9
Perhaps the reader is grumbling, in fact, we seem to hear murmurs. What has all this about the genesis and nature of good reporters to do with the publication of new books? Why, this: The only person who can deal adequately and amply with 99 new books out of a hundred—the 99 that require to be taken as they are—is the good reporter. He’s the boy who can read the new book as he would look and listen at a political convention, or hop around at a fire—getting the facts, getting them straight (yes, indeed, they do get them straight) and setting them down, swiftly and selectively, to reproduce in the mind of the public the precise effect of the book itself. The effect—not the means by which it was achieved, not the desirability of it having been achieved, not the artistic quality of it, not the moral worth of it, not anything in the way of a corollary or lesson or a deduction, however obvious—just the effect. That’s reporting. That’s getting and giving the news. And that’s what the public wants.

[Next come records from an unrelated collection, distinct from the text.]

Lemma skew_mul_suml (I : Type) (r : seq I) (Q : pred I) (F : I -> {ffun mor G -> A}) f' :
  (forall i, Q i -> in_skew one_ (F i)) ->
  mul (\sum_(i <- r | Q i) F i) f' = \sum_(i <- r | Q i) mul (F i) f'.
Proof.
move=> FS; apply/ffunP => k; rewrite sum_ffunE skew_mulE; last exact: in_skew_sum.
under eq_bigr do rewrite sum_ffunE mulr_suml.
by rewrite exchange_big; apply: eq_bigr => i Qi; rewrite skew_mulE //; apply: FS.
Qed.

Lemma skew_mul_sumr (I : Type) (r : seq I) (Q : pred I) (F : I -> {ffun mor G -> A}) f :
  in_skew one_ f ->
  mul f (\sum_(i <- r | Q i) F i) = \sum_(i <- r | Q i) mul f (F i).
Proof.
move=> fS; apply/ffunP => k; rewrite sum_ffunE skew_mulE //.
under eq_bigr do rewrite sum_ffunE act_sum mulr_sumr.
by rewrite exchange_big; apply: eq_bigr => i Qi; rewrite skew_mulE.
Qed.

Lemma in_skew_mul f f' : in_skew one_ f -> in_skew one_ f' -> in_skew one_ (mul f f').
Proof.
move=> fS f'S k; rewrite /in_ideal skew_mulE // mulr_suml.
apply: eq_bigr => g /eqP tgk; rewrite -mulrA.
have sg : src g = tgt (comp (inv g) k) by rewrite tgt_comp ?src_inv // tgt_inv.
by have := act_in_comp sg (f'S _); rewrite compKVg // => ->.
Qed.

Local Notation inA := (fun r => exists a : A, r = emb a).

Section Balanced.
Variables (M : zmodType) (phi : {ffun mor G -> A} -> {ffun mor G -> A} -> M).
Hypothesis bal : balanced (in_skew one_) mul inA phi.

Lemma balanced0l f : in_skew one_ f -> phi 0 f = 0.
Proof.
case: bal => phiD _ _ fS.
by apply: (additive_in0 (f := phi^~ f) in_skew0) => u v uS vS; apply: phiD.
Qed.

Lemma balanced0r f : in_skew one_ f -> phi f 0 = 0.
Proof.
case: bal => _ phiD _ fS.
by apply: (additive_in0 (f := phi f) in_skew0) => u v uS vS; apply: phiD.
Qed.

Lemma balanced_suml (I : Type) (r : seq I) (Q : pred I) (F : I -> {ffun mor G -> A}) f :
  (forall i, Q i -> in_skew one_ (F i)) -> in_skew one_ f ->
  phi (\sum_(i <- r | Q i) F i) f = \sum_(i <- r | Q i) phi (F i) f.
Proof.
case: bal => phiD _ _ FS fS.
apply: (additive_in_sum (Q := in_skew one_) (f := phi^~ f)) => //.
- exact: in_skew0.
- exact: in_skewD.
- by move=> u v uS vS; apply: phiD.
Qed.

Lemma balanced_sumr (I : Type) (r : seq I) (Q : pred I) (F : I -> {ffun mor G -> A}) f :
  (forall i, Q i -> in_skew one_ (F i)) -> in_skew one_ f ->
  phi f (\sum_(i <- r | Q i) F i) = \sum_(i <- r | Q i) phi f (F i).
Proof.
case: bal => _ phiD _ FS fS.
apply: (additive_in_sum (Q := in_skew one_) (f := phi f)) => //.
- exact: in_skew0.
- exact: in_skewD.
- by move=> u v uS vS; apply: phiD.
Qed.

Lemma balanced_single g b k c : in_ideal (one_ g) b -> in_ideal (one_ k) c ->
  phi (single g b) (single k c) = phi (single g (b * act g c)) (single k (one_ k)).
Proof.
case: bal => _ _ phiA bg ck.
have kS : in_skew one_ (single k (one_ k)) := in_skew_single (in_ideal_one k).
have -> : single k c = mul (emb c) (single k (one_ k)).
  apply/ffunP => k'; rewrite skew_mul_emb_l // !ffunE.
  by case: eqP; rewrite ?mulr0.
rewrite -phiA //; [|exact: in_skew_single | by exists c].
congr (phi _ _); apply/ffunP => k'.
rewrite skew_mul_emb_r; last exact: in_skew_single.
by rewrite !ffunE; case: eqP => [->|_]; rewrite ?mul0r.
Qed.

End Balanced.

Lemma balanced_coord e k : tgt k = e ->
  balanced (in_skew one_) mul inA (fun u v => u (idm e) * v k).
Proof.
move=> tke; split.
- by move=> u v w _ _ _; rewrite ffunE mulrDl.
- by move=> u v w _ _ _; rewrite ffunE mulrDr.
move=> u _ v uS [r ->] vS; rewrite skew_mul_emb_r // skew_mul_emb_l // act_idm.
rewrite -!mulrA in_ideal_mul1l //; rewrite -tke; exact: in_ideal_tgt.
Qed.

Section Necessity.
Hypothesis orth : forall e e' : obj G, e <> e' -> one_ (idm e) * one_ (idm e') = 0.
Variables (n : nat) (x y : 'I_n -> {ffun mor G -> A}).
Hypotheses (xS : forall i, in_skew one_ (x i)) (yS : forall i, in_skew one_ (y i)).
Hypothesis sum_xy : \sum_(i < n) mul (x i) (y i) = emb 1.
Hypothesis xy_central : forall s, in_skew one_ s ->
  forall (M : zmodType) (phi : {ffun mor G -> A} -> {ffun mor G -> A} -> M),
  balanced (in_skew one_) mul inA phi ->
  \sum_(i < n) phi (mul s (x i)) (y i) = \sum_(i < n) phi (x i) (mul (y i) s).

Let a := \sum_(i < n) \sum_(e : obj G) x i (idm e) * y i (idm e).

Lemma diag_central b : a * b = b * a.
Proof.
rewrite /a mulr_suml mulr_sumr.
under eq_bigr do rewrite mulr_suml.
under [RHS]eq_bigr do rewrite mulr_sumr.
rewrite exchange_big [RHS]exchange_big; apply: eq_bigr => e _.
have /= xyC := xy_central (in_skew_emb b) (balanced_coord (tgt_idm e)).
transitivity (\sum_(i < n) x i (idm e) * mul (y i) (emb b) (idm e)).
  apply: eq_bigr => i _; rewrite skew_mul_emb_r // act_idm -!mulrA.
  by congr (_ * _); rewrite -(upa_central P _ b) mulrA (yS i (idm e)).
by rewrite -xyC; apply: eq_bigr => i _; rewrite skew_mul_emb_l // mulrA.
Qed.

Lemma diag_mul_oneV g :
  \sum_(i < n) act (inv g) (x i g) * y i (inv g) = a * one_ (inv g).
Proof.
have sS := in_skew_single (in_ideal_one (inv g)).
have /= xyC := xy_central sS (balanced_coord (tgt_inv g)).
transitivity
  (\sum_(i < n) mul (single (inv g) (one_ (inv g))) (x i) (idm (src g)) * y i (inv g)).
  apply: eq_bigr => i _; rewrite skew_mul_single_l; last exact: in_ideal_one.
  rewrite tgt_inv tgt_idm eqxx inv_inv comp_idr in_ideal_mul1l //; exact: act_in.
rewrite xyC /a mulr_suml; apply: eq_bigr => i _.
rewrite skew_mul_single_r // eqxx inv_inv comp_invl act_idm.
rewrite -(tgt_inv g) (upa_sub P) mulr_suml (big_only1 (tgt (inv g))) ?mulrA // => e' ne' _.
rewrite -(yS i (idm e')) -(upa_sub P (inv g)) -!mulrA [one_ (idm e') * _]mulrA.
by rewrite (upa_central P (idm e')) -mulrA orth ?mulr0 //; apply/eqP.
Qed.

Lemma diag_trace j : trace_t one_ alpha j a = one_ (idm j).
Proof.
have := congr1 (fun f => f (idm j)) sum_xy.
rewrite /= sum_ffunE ffunE src_idm eqxx mul1r => <-.
rewrite (eq_bigr _ (fun i _ => skew_mul_idm (y i) j (xS i))) exchange_big.
apply: eq_bigr => g _; rewrite -/(act g a) -(act_in g a) -act_oneV -actM -diag_mul_oneV.
by rewrite act_sum; apply: eq_bigr => i _; rewrite actM act_invK //; apply: xS.
Qed.

Lemma trace_one_of_separable : exists a : A,
  (forall b, a * b = b * a) /\ forall j, trace_t one_ alpha j a = one_ (idm j).
Proof. by exists a; split; [exact: diag_central | exact: diag_trace]. Qed.

End Necessity.

Section Sufficiency.
Variable a : A.
Hypothesis a_central : forall b, a * b = b * a.
Hypothesis a_trace : forall j, trace_t one_ alpha j a = one_ (idm j).

Let X g := single g (act g a).
Let Y g := single (inv g) (one_ (inv g)).
Let XS g : in_skew one_ (X g) := in_skew_single (act_in g a).
Let YS g : in_skew one_ (Y g) := in_skew_single (in_ideal_one (inv g)).

Lemma XY_sum : \sum_g mul (X g) (Y g) = emb 1.
Proof.
have XY g : mul (X g) (Y g) = single (idm (tgt g)) (act g a).
  rewrite skew_mul_single; last exact: act_in.
  by rewrite tgt_inv eqxx comp_invr act_oneV act_in.
apply/ffunP => k; rewrite sum_ffunE ffunE.
under eq_bigr do rewrite XY ffunE.
case: eqVneq => [kid|nk].
  rewrite mul1r kid -a_trace /trace_t [RHS]big_mkcond; apply: eq_bigr => g _.
  by rewrite (inj_eq (@idm_inj G)) eq_sym.
by apply: big1 => g _; case: eqP => // kg; move: nk; rewrite kg src_idm eqxx.
Qed.

Lemma XY_coef h g d : src h = tgt g -> in_ideal (one_ h) d ->
  d * act h (act g a) * act (comp h g) (one_ (inv g)) =
  act (comp h g) a * act (comp h g) (act (inv (comp h g)) d).
Proof.
move=> shg dh; have cC := act_central (comp h g) a_central.
rewrite act_comp // act_one ?src_comp ?tgt_inv // compgK // act_actV.
rewrite [act _ a * one_ h]cC [d * _]mulrA dh -[d * act _ a]cC -mulrA.
by congr (_ * _); rewrite [one_ (comp h g) * _](upa_central P) mulrA dh.
Qed.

Some people seem to think there is something shameful in giving the public what it wants. They would, one supposes, highly commend the grocer who gave his customer something “just as good” or (according to the grocer) “decidedly better.” But substitution, open or concealed, is an immoral practice. Nothing can justify it, no nobility of intention can take it out of the class of deception and cheating.

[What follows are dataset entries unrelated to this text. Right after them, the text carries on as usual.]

Definition skmul (p q : {poly K}) : {poly K} :=
  \sum_(i < size p) p`_i *: iter i skmulX q.

(* remainder of RIGHT Euclidean division of f by the monic P:
   f = G * P + R with deg R < deg P; repeatedly subtract lc(f) x^(d-r) * P. *)
Fixpoint skrem_rec (n : nat) (P f : {poly K}) : {poly K} :=
  match n with
  | 0 => f
  | n'.+1 => if (size f < size P)%N then f
             else skrem_rec n' P (f - lead_coef f *: skmul 'X^(size f - size P) P)
  end.

Definition skrem (f P : {poly K}) : {poly K} := skrem_rec (size f) P f.

(* P_a = (x - a_r) ... (x - a_2)(x - a_1) for a = [:: a_1; ...; a_r] *)
Definition Pseq (s : seq K) : {poly K} :=
  foldl (fun acc a => skmul ('X - a%:P) acc) 1 s.

Definition hasseD (s : seq K) (f : {poly K}) : K :=
  (skrem f (Pseq s))`_(size s).-1.

(* F^(i)(a) = D_{(a,...,a)}(F) with i+1 entries *)
Definition hderiv (i : nat) (a : K) (f : {poly K}) : K := hasseD (nseq i.+1 a) f.

Definition sd_conj (a b : K) : Prop :=
  exists2 beta : K, beta != 0 &
    b = sigma beta * a * beta^-1 + delta beta * beta^-1.

(* confluent Vandermonde matrix V_N(a_1,...,a_n) with a_i = (a i, ..., a i)
   (r i entries); columns ordered block by block, within block i the column
   j = 1..r_i corresponds to the prefix a_{i,j} = (a i) repeated j times;
   row k = 1..N corresponds to x^(k-1). *)
Definition conf_cols (n : nat) (a : 'I_n -> K) (r : 'I_n -> nat) : seq (K * nat) :=
  flatten [seq [seq (a i, j.+1) | j <- iota 0 (r i)] | i <- enum 'I_n].

Definition conf_vdm (n : nat) (a : 'I_n -> K) (r : 'I_n -> nat) (N : nat)
  : 'M[K]_N :=
  \matrix_(k < N, c < N)
     let: (ai, j) := nth (0, 0%N) (conf_cols a r) c in hasseD (nseq j ai) 'X^k.

End Skew.

From HB Require Import structures.
From mathcomp Require Import all_boot all_order all_algebra.
From mathcomp Require Import zify.
Import GRing.Theory.
Set Implicit Arguments. Unset Strict Implicit. Unset Printing Implicit Defensive.
Local Open Scope ring_scope.

(* Write P_s = (x - s_r) ... (x - s_1) and F^(j)(a) = D_{(a,...,a)}(F).
   1. Skew arithmetic: the product is bilinear and associative, a monic right
      factor adds degrees, and right division by a monic polynomial has a
      unique remainder.
   2. Hasse derivatives: D_s is left K-linear, vanishes on left multiples of
      P_s, and conversely P_s right-divides F once all D_{s_1..s_j}(F) vanish.
   3. Over a division ring, conjugacy is an equivalence, and two linear
      factors can be exchanged, (x - c^u)(x - b) = (x - b^u)(x - c) with
      u = c - b.  This moves a root out of a block of conjugate roots, and
      yields independence: if F is right-divisible by P_s for blocks s of
      pairwise non-conjugate classes and deg F < total length, then F = 0.
   4. Uniqueness of the interpolant is independence for the blocks
      (a_i, ..., a_i); existence is an induction on the multiplicities that
      carries a monic multiple of all the P's of the right degree.
   Finally the Vandermonde matrix maps coefficient rows to derivative values;
   this map is bijective, and a bijective right multiplication is invertible. *)

Lemma prop_in_cons (T : eqType) (P : T -> Prop) (x : T) (s : seq T) :
  {in x :: s, forall y, P y} <-> P x /\ {in s, forall y, P y}.
Proof.
split=> [H | [Px H] y]; first by split=> [|y ys]; apply: H; rewrite inE ?eqxx ?ys ?orbT.
by rewrite inE => /orP [/eqP -> | /H].
Qed.

(* A square matrix A whose right multiplication on row vectors is bijective
   is invertible (over any ring): solve v_i A = e_i for the rows of a left
   inverse W; then (A W - 1) A = 0 forces A W = 1. *)
Lemma mx_inv_of_rowmap (R : pzRingType) (N : nat) (A : 'M[R]_N) :
  (forall w : 'rV[R]_N, exists v, v *m A = w) ->
  (forall v : 'rV[R]_N, v *m A = 0 -> v = 0) ->
  exists W : 'M[R]_N, A *m W = 1%:M /\ W *m A = 1%:M.
Proof.
move=> surj inj.
have [v Hv] := fin_all_exists (fun i : 'I_N => surj (row i 1%:M)).
set W := \matrix_(i < N) v i.
have WA : W *m A = 1%:M by apply/row_matrixP => i; rewrite row_mul rowK Hv.
exists W; split=> //; apply/eqP; rewrite -subr_eq0; apply/eqP/row_matrixP => i.
by rewrite row0; apply: inj; rewrite -row_mul mulmxBl -mulmxA WA mulmx1 mul1mx subrr row0.
Qed.

Section SkewPolynomials.
Variables (K : unitRingType) (sigma : {rmorphism K -> K}) (delta : {additive K -> K}).
Hypothesis delta_der : forall u v : K, delta (u * v) = sigma u * delta v + delta u * v.

Local Notation xmul := (skmulX sigma delta).
Local Notation "p ** q" := (skmul sigma delta p q) (at level 40, left associativity).

Lemma delta1 : delta 1 = 0.
Proof.
have := delta_der 1 1; rewrite rmorph1 !mul1r mulr1 => h.
by apply/(addrI (delta 1)); rewrite addr0 -h.
Qed.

But, they cry, the public does not want what is sufficiently good, let alone what is best for it; that is why it is wrong to give the public what it wants. So they shift their ground and think to escape on a high moral plateau or table land. But the table land is a tip-table land. What they mean is that they are confidently setting their judgment of what the public ought to want against the public’s plain decision what it does want. They are a few dozens against many millions, yet in their few dozen intelligences is collected more wisdom than has been the age-long and cumulative inheritance of all the other sons of earth. They really believe that.... Pitiable....
10
A new book is news. This might almost be set down as axiomatic and not as a proposition needing formal demonstration by the Euclidean process. Yet it is susceptible of such demonstration and we shall demonstrate accordingly.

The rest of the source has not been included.